Abstract

There has been a lively debate concerning the impact of contingent top-down control settings on the occurrence of stimulus-driven attentional capture. To date, however, most studies have focused on the manipulation of just a single feature. Here, a variant of the response priming task was utilized in which multiple features as opposed to just a single feature were varied. Two types of features were defined: the response feature(s) (i.e., those features that are used to prepare the correct response) and the selection feature(s) (i.e., those features that help to separate the target against the distractor). The response feature was manipulated for the target as well as for the distractor. For a certain experimental block, the selection feature in the distractor was either fixed (not helpful for the separation of the target) or varied (helpful for the separation of the target).
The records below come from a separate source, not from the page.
Definition Spec {R : realType} (A0 : algType R[i]) (star : A0 -> A0)
  (X : lmodType R[i]) (mulXA : X -> A0 -> X) (mulAX : A0 -> X -> X)
  (omegab : X -> R[i]) (Hw : lmodType R[i]) (ip : Hw -> Hw -> R[i])
  (lam : A0 -> Hw) (h : X) (alpha : R[i]) : Prop :=
  exists b : A0, lam b <> 0 /\
    bounded_with_vector ip lam (pi_fun star mulXA mulAX omegab h b) (alpha *: lam b).

Definition ground_state {R : realType} (A0 : algType R[i]) (star : A0 -> A0)
  (X : lmodType R[i]) (j : A0 -> X) (mulXA : X -> A0 -> X) (mulAX : A0 -> X -> X)
  (omegab : X -> R[i]) (Hw : lmodType R[i]) (ip : Hw -> Hw -> R[i])
  (lam : A0 -> Hw) (h : X) (alpha : R[i]) : Prop :=
  (forall a, omegab (mulAX a h) = alpha * omegab (j a)) /\
  (forall b, alpha * ip (lam b) (lam b) <= pi_fun star mulXA mulAX omegab h b b).

Definition deltaH {R : realType} (A0 : algType R[i]) (X : lmodType R[i])
  (mulXA : X -> A0 -> X) (mulAX : A0 -> X -> X) (h : X) (a : A0) : X :=
  'i%C *: (mulXA h a - mulAX a h).

From mathcomp Require Import all_boot all_order all_algebra.
From mathcomp Require Import complex reals ring lra.
Import Order.TTheory GRing.Theory Num.Theory.
Set Implicit Arguments. Unset Strict Implicit.
Local Open Scope ring_scope.

(* By density of A0 and continuity, the rules of the *-algebra A0 pass to the
   extended products and to the extended state, which is hermitian because
   omega is positive.  Condition (a) at A = 1 gives alpha = omegab(H), which is
   real since H = H^*; hermiticity then turns (a) into omegab(H A) = alpha omega(A),
   so omegab(delta_H(A)) = 0, and -i omegab(A^* delta_H(A)) = omegab(A^* H A) -
   alpha omega(A^* A), which is nonnegative by (b).  Finally lambda(1) is an
   eigenvector of pi(H) for alpha, while an eigenvector lambda(B) for beta gives
   beta |lambda(B)|^2 = omegab(B^* H B) >= alpha |lambda(B)|^2. *)

Section Tends0.
Variable R : realType.
Implicit Types s t : nat -> R.

Lemma eq_tends0 s t : (forall k, s k = t k) -> tends0 s -> tends0 t.
Proof. by move=> st hs e /hs[N hN]; exists N => k /hN; rewrite st. Qed.

Lemma tends0D s t : tends0 s -> tends0 t -> tends0 (fun k => s k + t k).
Proof.
move=> hs ht e e_gt0; have e2_gt0 : 0 < e / 2 by rewrite divr_gt0.
have [N1 hN1] := hs _ e2_gt0; have [N2 hN2] := ht _ e2_gt0.
exists (maxn N1 N2) => k; rewrite geq_max => /andP[/hN1 hs1 /hN2 ht2].
by rewrite (splitr e); apply: le_lt_trans (ler_normD _ _) (ltrD hs1 ht2).
Qed.

Lemma tends0Ml (c : R) s : tends0 s -> tends0 (fun k => c * s k).
Proof.
move=> hs e e_gt0; have c1_gt0 : 0 < `|c| + 1 by rewrite ltr_wpDl.
have [N hN] := hs _ (divr_gt0 e_gt0 c1_gt0); exists N => k /hN hsk.
rewrite normrM (le_lt_trans (ler_wpM2l (normr_ge0 c) (ltW hsk))) //.
by rewrite mulrA ltr_pdivrMr // mulrC ltr_pM2l // ltrDl.
Qed.

Lemma tends0_le s t : tends0 s -> (forall k, `|t k| <= s k) -> tends0 t.
Proof.
move=> hs ts e /hs[N hN]; exists N => k /hN hsk.
exact: le_lt_trans (ts k) (le_lt_trans (ler_norm _) hsk).
Qed.

Lemma tends0_cst (c : R) : tends0 (fun => c) -> c = 0.
Proof.
move=> hc; apply/eqP/negPn/negP; rewrite -normr_gt0 => /hc[N /(_ N (leqnn N))].
by rewrite ltxx.
Qed.

End Tends0.

Lemma cabs0 (R : realType) : cabs (0 : R[i]) = 0.
Proof. exact: ComplexField.Normc.normc0. Qed.

Lemma cabs_is_norm (R : realType) : is_norm (@cabs R : R[i] -> R).
Proof.
split; first by case=> a b; rewrite /cabs sqrtr_ge0.
split; first exact: ComplexField.Normc.eq0_normc.
split; first exact: le_normcD.
exact: ComplexField.Normc.normcM.
Qed.

Lemma cabsJ (R : realType) (z : R[i]) : cabs (conjc z) = cabs z.
Proof. by case: z => a b; rewrite /cabs /= sqrrN. Qed.

Definition norm_cvg (R : realType) (V : zmodType) (nV : V -> R) (u : nat -> V) (l : V) :=
  tends0 (fun k => nV (u k - l)).

Section NormedModule.
Variables (R : realType) (V : lmodType R[i]) (nV : V -> R).
Hypothesis nV_norm : is_norm nV.

Lemma normv0 : nV 0 = 0.
Proof. by case: nV_norm => _ [_ [_ nVZ]]; rewrite -(scale0r 0) nVZ cabs0 mul0r. Qed.

Lemma normvN x : nV (- x) = nV x.
Proof.
case: nV_norm => _ [_ [_ nVZ]].
by rewrite -scaleN1r nVZ /cabs normcN ComplexField.Normc.normc1 mul1r.
Qed.

Lemma norm_cvg_cst x : norm_cvg nV (fun => x) x.
Proof. by move=> e e_gt0; exists 0%N => k _; rewrite subrr normv0 normr0. Qed.

Lemma norm_cvg_uniq u v x y :
  (forall k, u k = v k) -> norm_cvg nV u x -> norm_cvg nV v y -> x = y.
Proof.
case: nV_norm => nV_ge0 [nV_eq0 [nVD _]] uv ux vy; apply/eqP; rewrite -subr_eq0.
apply/eqP/nV_eq0/tends0_cst/(tends0_le (tends0D ux vy)) => k.
rewrite ger0_norm // -uv -(normvN (u k - x)).
by rewrite (_ : x - y = - (u k - x) + (u k - y)) ?nVD // opprB addrA subrK.
Qed.

Lemma norm_cvg_lincomb (c : R[i]) u v x y : norm_cvg nV u x -> norm_cvg nV v y ->
  norm_cvg nV (fun k => c *: u k + v k) (c *: x + y).
Proof.
case: nV_norm => nV_ge0 [_ [nVD nVZ]] ux vy.
apply: (tends0_le (tends0D (tends0Ml (cabs c) ux) vy)) => k.
rewrite ger0_norm // -nVZ -[_ - _](_ : c *: (u k - x) + (v k - y) = _) ?nVD //.
by rewrite scalerBr opprD addrACA.
Qed.

End NormedModule.

Section LinearCombination.
Variables (R : realType) (V W : lmodType R[i]) (f : V -> W).
Hypothesis f_lincomb : forall (c : R[i]) x y, f (c *: x + y) = c *: f x + f y.

Lemma lincomb0 : f 0 = 0.
Proof. by apply: (addrI (f 0)); rewrite -{1}(scale1r (f 0)) -f_lincomb scale1r !addr0. Qed.

Lemma lincombZ c x : f (c *: x) = c *: f x.
Proof. by rewrite -[c *: x]addr0 f_lincomb lincomb0 addr0. Qed.

Lemma lincombD x y : f (x + y) = f x + f y.
Proof. by rewrite -[x in LHS]scale1r f_lincomb scale1r. Qed.

Lemma lincombB x y : f (x - y) = f x - f y.
Proof. by rewrite lincombD -scaleN1r lincombZ scaleN1r. Qed.

End LinearCombination.

Section InnerProduct.
Variables (R : realType) (Hw : lmodType R[i]) (ip : Hw -> Hw -> R[i]).
Hypothesis ip_lincomb : forall (c : R[i]) x y z, ip (c *: x + y) z = c * ip x z + ip y z.
Hypothesis ip_sym : forall x y, ip y x = conjc (ip x y).
Hypothesis ip_ge0 : forall x, 0 <= ip x x.
Hypothesis ip_eq0 : forall x, ip x x = 0 -> x = 0.

Let ipl_lincomb z (c : R[i]) x y : ip (c *: x + y) z = c *: ip x z + ip y z.
Proof. exact: ip_lincomb. Qed.

Lemma ip0l z : ip 0 z = 0.
Proof. exact: (lincomb0 (f := ip^~ z) (ipl_lincomb z)). Qed.

Lemma ipZl c x z : ip (c *: x) z = c * ip x z.
Proof. exact: (lincombZ (f := ip^~ z) (ipl_lincomb z)). Qed.

Lemma ipBl x y z : ip (x - y) z = ip x z - ip y z.
Proof. exact: (lincombB (f := ip^~ z) (ipl_lincomb z)). Qed.

Lemma ip0r z : ip z 0 = 0.
Proof. by rewrite ip_sym ip0l rmorph0. Qed.

Lemma ipZr c x z : ip z (c *: x) = conjc c * ip z x.
Proof. by rewrite ip_sym ipZl rmorphM /= -ip_sym. Qed.

Lemma ipBr x y z : ip z (x - y) = ip z x - ip z y.
Proof. by rewrite ip_sym ipBl rmorphB /= -!ip_sym. Qed.

Lemma ip_CauchySchwarz x y : cabs (ip x y) <= hnorm ip x * hnorm ip y.
Proof.
have [yy0|yy_neq0] := eqVneq (ip y y) 0.
  by rewrite (ip_eq0 yy0) ip0r cabs0 mulr_ge0 ?sqrtr_ge0.
set p := ip x y.
have yy_real : conjc (ip y y) = ip y y by rewrite -ip_sym.
(* Expand [0 <= (x - c y | x - c y)] for the projection coefficient [c = p / (y | y)]. *)
have proj_ge0 : 0 <= ip x x - p * conjc p / ip y y.
  rewrite (_ : _ - _ = ip (x - (ip y y)^-1 * p *: y) (x - (ip y y)^-1 * p *: y)) //.
  rewrite !ipBl !ipBr !ipZl !ipZr -/p [ip y x]ip_sym -/p rmorphM /= conjc_inv yy_real.
  by field.
have pp_le : p * conjc p <= ip x x * ip y y.
  by have := mulr_ge0 proj_ge0 (ip_ge0 y); rewrite mulrBl mulfVK // subr_ge0.
have xx_Im := ger0_Im (ip_ge0 x); have yy_Im := ger0_Im (ip_ge0 y).
have xx_Re : 0 <= complex.Re (ip x x) by move: (ip_ge0 x); rewrite lecE => /andP[].
rewrite /hnorm -sqrtrM // /cabs.
move: pp_le xx_Im yy_Im; rewrite lecE; clear proj_ge0; clearbody p.
case: (ip x x) (ip y y) p => [a b] [a' b'] [c d] /= /andP[_ pp_le] b0 b'0.
by subst b b'; apply: ler_wsqrtr; move: pp_le => /=; nra.
Qed.

Lemma ip_continuous eta xi (e : R) : 0 < e -> exists d : R, 0 < d /\
  forall zeta, hnorm ip (zeta - xi) < d -> cabs (ip eta zeta - ip eta xi) < e.
Proof.
move=> e_gt0; have n1_gt0 : 0 < hnorm ip eta + 1 by rewrite ltr_wpDl ?sqrtr_ge0.
exists (e / (hnorm ip eta + 1)); split=> [|zeta hzeta]; first by rewrite divr_gt0.
rewrite -ipBr (le_lt_trans (ip_CauchySchwarz _ _)) //.
rewrite (le_lt_trans (ler_wpM2l (sqrtr_ge0 _) (ltW hzeta))) //.
by rewrite mulrA ltr_pdivrMr // mulrC ltr_pM2l // ltrDl.
Qed.

End InnerProduct.

Section Star.
Variables (R : realType) (A0 : algType R[i]) (star : A0 -> A0).
Hypothesis star_invol : forall a, star (star a) = a.
Hypothesis starD : forall a b, star (a + b) = star a + star b.
Hypothesis starZ : forall (c : R[i]) a, star (c *: a) = conjc c *: star a.
Hypothesis starM : forall a b, star (a * b) = star b * star a.

Lemma star1 : star 1 = 1.
Proof. by have := starM (star 1) 1; rewrite mulr1 star_invol mulr1. Qed.

Variable omega : A0 -> R[i].
Hypothesis omega_lincomb : forall (c : R[i]) a b, omega (c *: a + b) = c * omega a + omega b.
Hypothesis omega_ge0 : forall a, 0 <= omega (star a * a).
Hypothesis omega1 : omega 1 = 1.

(* Positivity on [a + 1] and [a + i] forces the imaginary parts of
   [omega (star a) + omega a] and [i (omega (star a) - omega a)] to vanish. *)
Lemma positive_hermitian a : omega (star a) = conjc (omega a).
Proof.
have omegaD x y : omega (x + y) = omega x + omega y.
  exact: (lincombD (f := omega) omega_lincomb).
have omegaZ c x : omega (c *: x) = c * omega x.
  exact: (lincombZ (f := omega) omega_lincomb).
have Im_a1 := ger0_Im (omega_ge0 (a + 1)).
have Im_ai := ger0_Im (omega_ge0 (a + 'i%C *: 1)).
have Im_a := ger0_Im (omega_ge0 a).
rewrite starD star1 mulrDl !mulrDr mul1r !mulr1 !omegaD omega1 in Im_a1.
rewrite starD starZ star1 mulrDl !mulrDr -!scalerAr -!scalerAl !mulr1 mul1r scalerA in Im_ai.
rewrite !omegaD !omegaZ omega1 in Im_ai.
move: Im_a Im_a1 Im_ai.
case: (omega (star a * a)) (omega (star a)) (omega a) => [p1 p2] [s1 s2] [t1 t2] /=.
by move=> *; congr Complex; lra.
Qed.

End Star.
Because of this manipulation of the task environment (Experiment 1-3), differences in the size of the compatibility effect (i.e., the difference between compatible and incompatible trials) were observed for perceptually identical distractor-target sequences. In a task environment with varying selection features, a distractor that shared the selection feature with the top-down sets gave rise to larger compatibility effects than exactly the same distractor presented in a task environment where the selection feature was kept constant. However, participants must have explicit knowledge about the variance of the selection feature to implement the selection feature into their top-down sets. A model based on contingent capture was postulated to explain our results because of the feature-overlap between the distractor and the participants' top-down sets.